Dataset records:
╭──
(* D is a probability distribution on gT * gT whose two marginals are
   uniform on G (hence D is supported on G x G). *)
Definition is_distr (D : gT * gT -> R) : Prop :=
  (forall p, (0 <= D p)%R) /\ (\sum_p D p = 1)%R.
Definition marginals_uniform (D : gT * gT -> R) : Prop :=
  (forall x, \sum_y D (x, y) = (x \in G)%:R / #|G|%:R)%R /\
  (forall y, \sum_x D (x, y) = (y \in G)%:R / #|G|%:R)%R.

Definition probC (g h : gT) (S : {set gT}) : R :=
  (#|[set u in G | (g * h ^ u)%g \in S]|%:R / #|G|%:R)%R.

Definition CCprob (g h z : gT) : R :=
  (#|[set uv in setX G G | ((g ^ uv.1) * (h ^ uv.2))%g == z]|%:R / (#|G| ^ 2)%:R)%R.

(* statistical distance (half l1) between law of C(g)C(h) and uniform on G;
   for g, h in G the law is supported on G. *)
Definition sdist_unif (g h : gT) : R :=
  (2^-1 * \sum_(z in G) `|CCprob g h z - #|G|%:R^-1|)%R.
End Probs.

(* An element of SL(2, q) with trace t, t^2 <> 4 ("regular"), is conjugate in GL(2, q) to
   the companion matrix of X^2 - t X + 1.  In that frame every count below becomes a count
   of points on a plane conic: at most q + 2 points if it is nondegenerate, at most 2q if it
   is fibred into quadratics over a line.  Thus regular elements have centralizers of order
   at most q + 2, and for regular g, h the u with tr (g h^u) = c number O(q^2) out of
   |G| ~ q^3; conjugacy classes lie in trace fibers, which gives (1).  For (2), the pairs
   (u, v) with g^u h^v = z number at most (q + 2)^3 = |G| (1 + O(1/q)) unless tr z is one of
   at most four exceptional values, which together carry O(|G|^2 / q) pairs; since the
   counts sum to |G|^2, the l1 distance to uniform is O(1/q).  Finally non-regular elements
   form an O(1/q) fraction of G, and both marginals of D are uniform, so (g, h) is a pair of
   regular elements with probability 1 - O(1/q). *)

From HB Require Import structures.
From mathcomp Require Import all_boot all_order all_algebra all_fingroup.
From mathcomp Require Import ring lra zify.
Import Order.TTheory GRing.Theory Num.Theory.

Set Implicit Arguments.
Unset Strict Implicit.
Unset Printing Implicit Defensive.

Lemma leq_card_in_inj (T1 T2 : finType) (A : {set T1}) (B : {set T2}) (f : T1 -> T2) :
  {in A &, injective f} -> {in A, forall x, f x \in B} -> #|A| <= #|B|.
Proof.
move=> finj fAB; rewrite -(card_in_imset finj); apply: subset_leq_card.
by apply/subsetP => _ /imsetP [x xA ->]; exact: fAB.
Qed.

Lemma card_preimset_sum (T1 T2 : finType) (A : {set T1}) (B : {set T2}) (f : T1 -> T2) :
  #|[set x in A | f x \in B]| = \sum_(y in B) #|[set x in A | f x == y]|.
Proof.
rewrite -sum1_card (partition_big f (mem B)) /=; last by move=> x; rewrite inE => /andP[].
apply: eq_bigr => y yB; rewrite -sum1_card; apply: eq_bigl => x; rewrite !inE.
by case: (eqVneq (f x) y) => [->|]; rewrite ?yB ?andbT ?andbF.
Qed.

Lemma leq_card_preimset (T1 T2 : finType) (A : {set T1}) (B : {set T2}) (f : T1 -> T2) K :
  {in B, forall y, #|[set x in A | f x == y]| <= K} ->
  #|[set x in A | f x \in B]| <= K * #|B|.
Proof. by move=> hK; rewrite card_preimset_sum mulnC -sum_nat_const; exact: leq_sum. Qed.

Local Open Scope ring_scope.

Lemma ler_nat_ratio (R : numFieldType) (m n a b : nat) : (0 < n)%N -> (0 < b)%N ->
  (m * b <= a * n)%N -> m%:R / n%:R <= a%:R / b%:R :> R.
Proof.
move=> n0 b0 h; rewrite ler_pdivrMr ?ltr0n // mulrAC ler_pdivlMr ?ltr0n //.
by rewrite -!natrM ler_nat.
Qed.

Lemma sumr_norm_le2 (R : realDomainType) (I : finType) (P : {pred I}) (a b : I -> R) :
  \sum_(i in P) a i = 0 -> {in P, forall i, a i <= b i} -> {in P, forall i, 0 <= b i} ->
  \sum_(i in P) `|a i| <= 2 * \sum_(i in P) b i.
Proof.
move=> a0 ab b0.
(* |a| = 2 max(a, 0) - a, and max(a, 0) <= b *)
have norm_le i : i \in P -> `|a i| <= 2 * b i - a i.
  move=> iP; have := ab i iP; have := b0 i iP.
  by rewrite ler_norml => *; apply/andP; split; lra.
apply: le_trans (ler_sum _ norm_le) _.
by rewrite sumrB -mulr_sumr a0 subr0.
Qed.

Lemma ler_sum_subpred (R : numDomainType) (I : finType) (P Q : pred I) (F : I -> R) :
  (forall i, 0 <= F i) -> (forall i, P i -> Q i) -> \sum_(i | P i) F i <= \sum_(i | Q i) F i.
Proof.
move=> F0 PQ; rewrite [X in _ <= X](bigID P) /=.
rewrite [X in _ <= X + _](eq_bigl P) ?lerDl ?sumr_ge0 // => i.
by case: (boolP (P i)) => [/PQ -> | _]; rewrite ?andbF.
Qed.

Lemma card_roots_lt_size (R : finIdomainType) (p : {poly R}) :
  p != 0 -> (#|[set x | root p x]| < size p)%N.
Proof.
move=> p0; rewrite cardE; apply: max_poly_roots => //; last exact: enum_uniq.
by apply/allP => x; rewrite mem_enum inE.
Qed.

Lemma card_quadratic_roots (R : finIdomainType) (b c : R) :
  (#|[set y : R | (y ^+ 2 + b * y + c == 0)%R]| <= 2)%N.
Proof.
set p := ('X + b%:P) * 'X + c%:P.
have Xb0 : 'X + b%:P != 0 by rewrite -size_poly_eq0 size_XaddC.
have sp : size p = 3%N by rewrite size_MXaddC (negPf Xb0) size_XaddC.
have p0 : p != 0 by rewrite -size_poly_eq0 sp.
rewrite -ltnS -sp; apply: leq_trans (card_roots_lt_size p0); apply: subset_leq_card.
by apply/subsetP => y; rewrite !inE /root /p !hornerE; congr (_ == 0); ring.
Qed.

Section Conics.
Variable F : finFieldType.
Local Notation q := #|F|.

Lemma card_conic_fibered (b c : F -> F) :
  (#|[set xy : F * F | (xy.2 ^+ 2 + b xy.1 * xy.2 + c xy.1 == 0)%R]| <= 2 * q)%N.
Proof.
set A := [set _ | _].
have -> : A = [set xy in A | xy.1 \in [set: F]] by apply/setP => xy; rewrite !inE andbT.
rewrite -cardsT; apply: leq_card_preimset => x _.
apply: leq_trans (card_quadratic_roots (b x) (c x)).
apply: (@leq_card_in_inj _ _ _ _ snd) => [[x1 y1] [x2 y2] | [x1 y1]] /=; rewrite !inE /=.
  by move=> /andP [_ /eqP e1] /andP [_ /eqP e2] ->; rewrite e1 e2.
by case/andP => ? /eqP <-.
Qed.

Variables s p r k : F.

Definition conicQ (xy : F * F) :=
  xy.1 ^+ 2 + s * xy.1 * xy.2 + xy.2 ^+ 2 + p * xy.1 + r * xy.2 + k.

(* -4 times the determinant of the symmetric matrix of conicQ *)
Definition conic_discr := p ^+ 2 - s * p * r + r ^+ 2 + (s ^+ 2 - 4) * k.

Local Notation conic := [set xy | conicQ xy == 0].

(* Along each line y = m x + u the equation becomes linear in x, and it cannot vanish
   identically since the conic is nondegenerate. *)
Lemma card_conic_split (m : F) :
  m ^+ 2 + s * m + 1 = 0 -> conic_discr != 0 -> (#|conic| <= q)%N.
Proof.
move=> hm hE; rewrite -cardsT.
apply: (@leq_card_in_inj _ _ _ _ (fun xy => xy.2 - m * xy.1)); last by move=> *; rewrite inE.
move=> [x y] [x' y']; rewrite !inE => /eqP hq /eqP hq' /= hu.
set u := y - m * x in hu.
set D := s + 2 * m.
set L := u * D + p + r * m.
set c0 := u ^+ 2 + r * u + k.
have ey : y = m * x + u by rewrite /u; ring.
have ey' : y' = m * x' + u by rewrite hu; ring.
have on_line z : conicQ (z, m * z + u) = z * L + c0.
  transitivity (z ^+ 2 * (m ^+ 2 + s * m + 1) + (z * L + c0)); last by rewrite hm mulr0 add0r.
  by rewrite /conicQ /L /c0 /D /=; ring.
have e1 : x * L + c0 = 0 by rewrite -on_line -ey.
have e2 : x' * L + c0 = 0 by rewrite -on_line -ey'.
have L0 : L != 0.
  apply: contraNneq hE => L0; apply/eqP.
  have c00 : c0 = 0 by rewrite -e1 L0 mulr0 add0r.
  have -> : conic_discr = L * (L - 2 * u * D - r * D) + D ^+ 2 * c0
                          + (r ^+ 2 - 4 * k) * (m ^+ 2 + s * m + 1).
    by rewrite /conic_discr /L /D /c0; ring.
  by rewrite L0 c00 hm; ring.
have ex : x = x' by apply: (mulIf L0); apply: (addIr c0); rewrite e1 e2.
by rewrite ey ey' ex.
Qed.

Lemma conicQ_line (x0 y0 t d1 d2 : F) :
  conicQ (x0 + t * d1, y0 + t * d2) = conicQ (x0, y0) +
    t * (t * (d1 ^+ 2 + s * d1 * d2 + d2 ^+ 2)
         + (d1 * (2 * x0 + s * y0 + p) + d2 * (s * x0 + 2 * y0 + r))).
Proof. by rewrite /conicQ /=; ring. Qed.

(* Every point other than a base point P0 lies on exactly one line through P0, and when
   the quadratic part is anisotropic each such line meets the conic at most once more. *)
Lemma card_conic_anisotropic :
  (forall m, m ^+ 2 + s * m + 1 != 0) -> (#|conic| <= q + 2)%N.
Proof.
move=> aniso.
have quad_neq0 d1 d2 : (d1, d2) != (0, 0) -> d1 ^+ 2 + s * d1 * d2 + d2 ^+ 2 != 0.
  case: (eqVneq d1 0) => [-> | d1n0].
    by rewrite xpair_eqE eqxx /= expr0n /= mulr0 mul0r !add0r sqrf_eq0.
  move=> _; apply: contraNneq (aniso (d2 / d1)) => h.
  by apply/eqP; apply: (mulIf (expf_neq0 2 d1n0)); rewrite mul0r -h; field.
set C := [set _ | _]; case: (set_0Vmem C) => [-> | [[x0 y0] P0]]; first by rewrite cards0.
move: P0; rewrite inE => /eqP P0.
pose dir (o : option F) : F * F := if o is Some m then (1, m) else (0, 1).
pose slope (P : F * F) := if P.1 == x0 then None else Some ((P.2 - y0) / (P.1 - x0)).
pose lin (e : F * F) := e.1 * (2 * x0 + s * y0 + p) + e.2 * (s * x0 + 2 * y0 + r).
pose quad (e : F * F) := e.1 ^+ 2 + s * e.1 * e.2 + e.2 ^+ 2.
pose point o := let e := dir o in let t := - lin e / quad e in (x0 + t * e.1, y0 + t * e.2).
pose f P := if P == (x0, y0) then None else Some (slope P).
pose g w := if w is Some o then point o else (x0, y0).
have param P : P != (x0, y0) -> exists2 t, t != 0 &
    P = (x0 + t * (dir (slope P)).1, y0 + t * (dir (slope P)).2).
  case: P => x y; rewrite /slope /=; case: (eqVneq x x0) => [-> | nx] nP.
    exists (y - y0); last by rewrite /= mulr0 mulr1 addr0 subrKC.
    by rewrite subr_eq0; apply: contraNneq nP => ->.
  exists (x - x0); first by rewrite subr_eq0.
  by rewrite /= mulr1 subrKC mulrC divfK ?subrKC ?subr_eq0.
have fK : {in C, cancel f g}.
  move=> P; rewrite inE /f /g => /eqP PC; case: eqVneq => [-> // | nP].
  have [t t0 eP] := param P nP; rewrite [RHS]eP /point.
  set e := dir (slope P) in eP *.
  have e0 : (e.1, e.2) != (0, 0).
    by rewrite /e; case: (slope P) => [m|]; rewrite /= xpair_eqE ?oner_eq0 ?andbF.
  have {}e0 := quad_neq0 _ _ e0.
  move: PC; rewrite eP conicQ_line P0 add0r => /eqP; rewrite mulf_eq0 (negPf t0) /=.
  rewrite addr_eq0 => /eqP ht.
  by rewrite (_ : - lin e / quad e = t) // /lin /quad -ht mulfK.
apply: leq_trans (_ : #|[set: option (option F)]| <= _)%N.
  by apply: (leq_card_in_inj (f := f)); [exact: can_in_inj fK | move=> *; rewrite inE].
by rewrite cardsT !card_option addn2.
Qed.

Lemma card_conic : conic_discr != 0 -> (#|conic| <= q + 2)%N.
Proof.
move=> hE; case: (pickP (fun m : F => m ^+ 2 + s * m + 1 == 0)) => [m /eqP hm | aniso].
  by apply: leq_trans (card_conic_split hm hE) (leq_addr _ _).
by apply: card_conic_anisotropic => m; rewrite aniso.
Qed.
End Conics.

Lemma ord2P (i : 'I_2) : i = 0 \/ i = 1.
Proof. by case: i => [[|[|m]]] Hi; [left | right | by []]; exact: val_inj. Qed.

Lemma ord0_2 : ord0 = 0 :> 'I_2. Proof. exact: val_inj. Qed.
Lemma lift0_2 : lift ord0 ord0 = 1 :> 'I_2. Proof. exact: val_inj. Qed.

Lemma mx2P (T : Type) (M N : 'M[T]_2) :
  M 0 0 = N 0 0 -> M 0 1 = N 0 1 -> M 1 0 = N 1 0 -> M 1 1 = N 1 1 -> M = N.
Proof.
move=> h00 h01 h10 h11; apply/matrixP => i j.
by case: (ord2P i) => ->; case: (ord2P j) => ->.
Qed.

Lemma mulmx2E (R : pzSemiRingType) (M N : 'M[R]_2) i j :
  (M *m N) i j = M i 0 * N 0 j + M i 1 * N 1 j.
Proof. by rewrite mxE !big_ord_recl big_ord0 addr0 lift0_2 ord0_2. Qed.

Lemma mxtrace2 (R : pzSemiRingType) (M : 'M[R]_2) : \tr M = M 0 0 + M 1 1.
Proof. by rewrite /mxtrace !big_ord_recl big_ord0 addr0 lift0_2 ord0_2. Qed.

Lemma det_mx2 (R : comPzRingType) (M : 'M[R]_2) : \det M = M 0 0 * M 1 1 - M 0 1 * M 1 0.
Proof.
rewrite (expand_det_row _ 0) !big_ord_recl big_ord0 addr0 /cofactor !det_mx11 !mxE /=.
rewrite expr0 expr1 !mul1r mulN1r mulrN.
by congr (M _ _ * M _ _ - M _ _ * M _ _); apply: val_inj.
Qed.

Definition mx2 (T : Type) (a b c d : T) : 'M[T]_2 :=
  \matrix_(i, j) if i == 0 then (if j == 0 then a else b) else (if j == 0 then c else d).

Lemma mx2E (T : Type) (a b c d : T) :
  ((mx2 a b c d 0 0 = a) * (mx2 a b c d 0 1 = b) *
   (mx2 a b c d 1 0 = c) * (mx2 a b c d 1 1 = d))%type.
Proof. by rewrite !mxE. Qed.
╰──
Directions for this task: Which of the lines above include the word "Implicit"? List those lines.

Result of the task:
Set Implicit Arguments.
Unset Strict Implicit.
Unset Printing Implicit Defensive.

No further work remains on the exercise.